◆ **TASK PROMPT**
The answer must consist of every line from the entries below that contains the word "exists".

◆ **MATERIAL FOR THIS TASK**
(* Let $S\subseteq\mathbb{R}^{n-1}$ and let $P\in\mathbb{R}[\mathbf{x};x_n]$ have degree $d_n$ in $x_n$, $P=\sum_{k=0}^{d_n}c_k(\mathbf{x})x_n^k$. (1) If $c_{d_n}$ does not vanish at any point of $S$, then $P$ is projectively delineable on $S$ if and only if $P$ is delineable on $S$. (2) If $S$ is connected, $c_{d_n}$ vanishes identically on $S$, and $P$ is projectively delineable on $S$, then $P$ is delineable on $S$.
   Context: Write $\mathbf{x}=(x_1,\dots,x_{n-1})$; $E_{\mathbf{x}_0}P$ is the univariate polynomial in $x_n$ obtained by substituting $\mathbf{x}_0$ for $\mathbf{x}$. $\mathbb{RP}^1$ is the quotient of $\mathbb{R}^2\setminus\{(0,0)\}$ by proportionality with the quotient topology; $(u:v)$ is the class of $(u,v)$; $\infty=(1:0)$. With $d=\deg_{x_n}P$, $H^d(P)(\mathbf{x},x_n,y)=\sum_kc_k(\mathbf{x})x_n^ky^{d-k}$. A projective root of a binary form $g(u,v)$ is $(u_0:v_0)$ with $g(u_0,v_0)=0$, with multiplicity (for $g\ne0$) the largest $m$ such that $(v_0u-u_0v)^m$ divides $g$; projective roots of $E_{\mathbf{x}}P$ w.r.t. $d$ are those of $E_{\mathbf{x}}H^d(P)$. $Z_{\mathbb{R}}(P,S)=\{(\mathbf{x},x_n)\in S\times\mathbb{R}:P(\mathbf{x},x_n)=0\}$, $Z_{\mathbb{RP}^1}(P,S)=\{(\mathbf{x},(x_n:y))\in S\times\mathbb{RP}^1:H^d(P)(\mathbf{x},x_n,y)=0\}$. $P$ is delineable on $S$ if there are $k\in\mathbb{N}$ and continuous $\theta_1,\dots,\theta_k:S\to\mathbb{R}$ with $Z_{\mathbb{R}}(P,S)$ the disjoint union of their graphs and, for each $l$, an $m_l\ge1$ such that $\theta_l(\mathbf{x})$ is a root of $E_{\mathbf{x}}P$ of multiplicity $m_l$ for all $\mathbf{x}\in S$. $P$ is projectively delineable on $S$ if there are $k\in\mathbb{N}$ and continuous $\theta_1,\dots,\theta_k:S\to\mathbb{RP}^1$ with $Z_{\mathbb{RP}^1}(P,S)$ the disjoint union of their graphs and, for each $l$, an $m_l\ge1$ such that $\theta_l(\mathbf{x})$ is a projective root of $E_{\mathbf{x}}P$ (w.r.t. $d$) of multiplicity $m_l$ for all $\mathbf{x}\in S$. *)

From HB Require Import structures.
From mathcomp Require Import all_boot all_order all_algebra.
From mathcomp Require Import all_classical all_reals all_analysis.
From mathcomp Require mpoly.
Import (canonicals, coercions, hints) mpoly.

Set Implicit Arguments.
Unset Strict Implicit.
Unset Printing Implicit Defensive.

Import Order.TTheory GRing.Theory Num.Theory.
Import numFieldNormedType.Exports.
Local Open Scope classical_set_scope.
Local Open Scope ring_scope.

Section Defs.
Variables (R : realType) (m : nat).
(* m = n - 1 : the variables x = (x_1,...,x_m) live in 'rV[R]_m ;
   P is a polynomial in x_n with coefficients in R[x_1,...,x_m]. *)

Local Notation mpolyR := (mpoly.mpoly m R).

Definition Eval (x : 'rV[R]_m) (P : {poly mpolyR}) : {poly R} :=
  map_poly (mpoly.meval (fun i => x ord0 i)) P.

Definition cval (x : 'rV[R]_m) (c : mpolyR) : R := mpoly.meval (fun i => x ord0 i) c.

Definition degn (P : {poly mpolyR}) : nat := (size P).-1.

Definition root_mult (p : {poly R}) (t : R) (mu : nat) : Prop :=
  p != 0 /\ (('X - t%:P) ^+ mu %| p) /\ ~~ (('X - t%:P) ^+ mu.+1 %| p).

Definition ZR (P : {poly mpolyR}) (S : set 'rV[R]_m) : set ('rV[R]_m * R) :=
  [set xt | S xt.1 /\ (Eval xt.1 P).[xt.2] = 0].

Definition delineable (P : {poly mpolyR}) (S : set 'rV[R]_m) : Prop :=
  exists (k : nat) (theta : 'I_k -> 'rV[R]_m -> R) (mu : 'I_k -> nat),
    (forall l, {within S, continuous (theta l)}) /\
    ZR P S = [set xt | exists l, S xt.1 /\ xt.2 = theta l xt.1] /\
    (forall l l' x, l != l' -> S x -> theta l x != theta l' x) /\
    (forall l, (1 <= mu l)%N /\
       forall x, S x -> root_mult (Eval x P) (theta l x) (mu l)).

(* a point of RP^1 is an equivalence class of a nonzero pair under proportionality *)
Definition pclass (p : R * R) : set (R * R) :=
  [set q | q != (0, 0) /\ exists t : R, t != 0 /\ q = (t * p.1, t * p.2)].

Definition is_rp1 (c : set (R * R)) : Prop :=
  exists p : R * R, p != (0, 0) /\ c = pclass p.

(* quotient topology: a set U of points of RP^1 is open iff its preimage
   under the projection R^2 \ {0} -> RP^1 is open in R^2 \ {0}
   (equivalently in R^2, as R^2 \ {0} is open in R^2) *)
Definition open_rp1 (U : set (set (R * R))) : Prop :=
  open [set p : R * R | p != (0, 0) /\ U (pclass p)].

Definition continuous_rp1 (S : set 'rV[R]_m) (theta : 'rV[R]_m -> set (R * R)) : Prop :=
  forall U, open_rp1 U ->
    exists V : set 'rV[R]_m, open V /\ S `&` (theta @^-1` U) = S `&` V.

(* binary forms as polynomials in u ('X, outer) with coefficients in R[v] *)
Definition bvar_u : {poly {poly R}} := 'X.
Definition bvar_v : {poly {poly R}} := ('X : {poly R})%:P.

Definition homog (d : nat) (p : {poly R}) : {poly {poly R}} :=
  \sum_(k < d.+1) (p`_k)%:P%:P * bvar_u ^+ k * bvar_v ^+ (d - k).

Definition beval (g : {poly {poly R}}) (p : R * R) : R := (g.[p.1%:P]).[p.2].

Definition bform_mult (g : {poly {poly R}}) (p : R * R) (mu : nat) : Prop :=
  let L := p.2%:P%:P * bvar_u - p.1%:P%:P * bvar_v in
  g != 0 /\ (exists h, g = h * L ^+ mu) /\ ~ (exists h, g = h * L ^+ mu.+1).

Definition HdP (P : {poly mpolyR}) (x : 'rV[R]_m) : {poly {poly R}} :=
  homog (degn P) (Eval x P).

Definition proj_root_mult (P : {poly mpolyR}) (x : 'rV[R]_m) (c : set (R * R)) (mu : nat) : Prop :=
  exists p : R * R, p != (0, 0) /\ c = pclass p /\
    beval (HdP P x) p = 0 /\ bform_mult (HdP P x) p mu.

Definition ZRP1 (P : {poly mpolyR}) (S : set 'rV[R]_m) : set ('rV[R]_m * set (R * R)) :=
  [set xc | S xc.1 /\ exists p : R * R, p != (0, 0) /\ xc.2 = pclass p /\
                                        beval (HdP P xc.1) p = 0].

◆ **EXERCISE RESPONSE**
  exists (k : nat) (theta : 'I_k -> 'rV[R]_m -> R) (mu : 'I_k -> nat),
    ZR P S = [set xt | exists l, S xt.1 /\ xt.2 = theta l xt.1] /\
  [set q | q != (0, 0) /\ exists t : R, t != 0 /\ q = (t * p.1, t * p.2)].
  exists p : R * R, p != (0, 0) /\ c = pclass p.
    exists V : set 'rV[R]_m, open V /\ S `&` (theta @^-1` U) = S `&` V.
  g != 0 /\ (exists h, g = h * L ^+ mu) /\ ~ (exists h, g = h * L ^+ mu.+1).
  exists p : R * R, p != (0, 0) /\ c = pclass p /\
  [set xc | S xc.1 /\ exists p : R * R, p != (0, 0) /\ xc.2 = pclass p /\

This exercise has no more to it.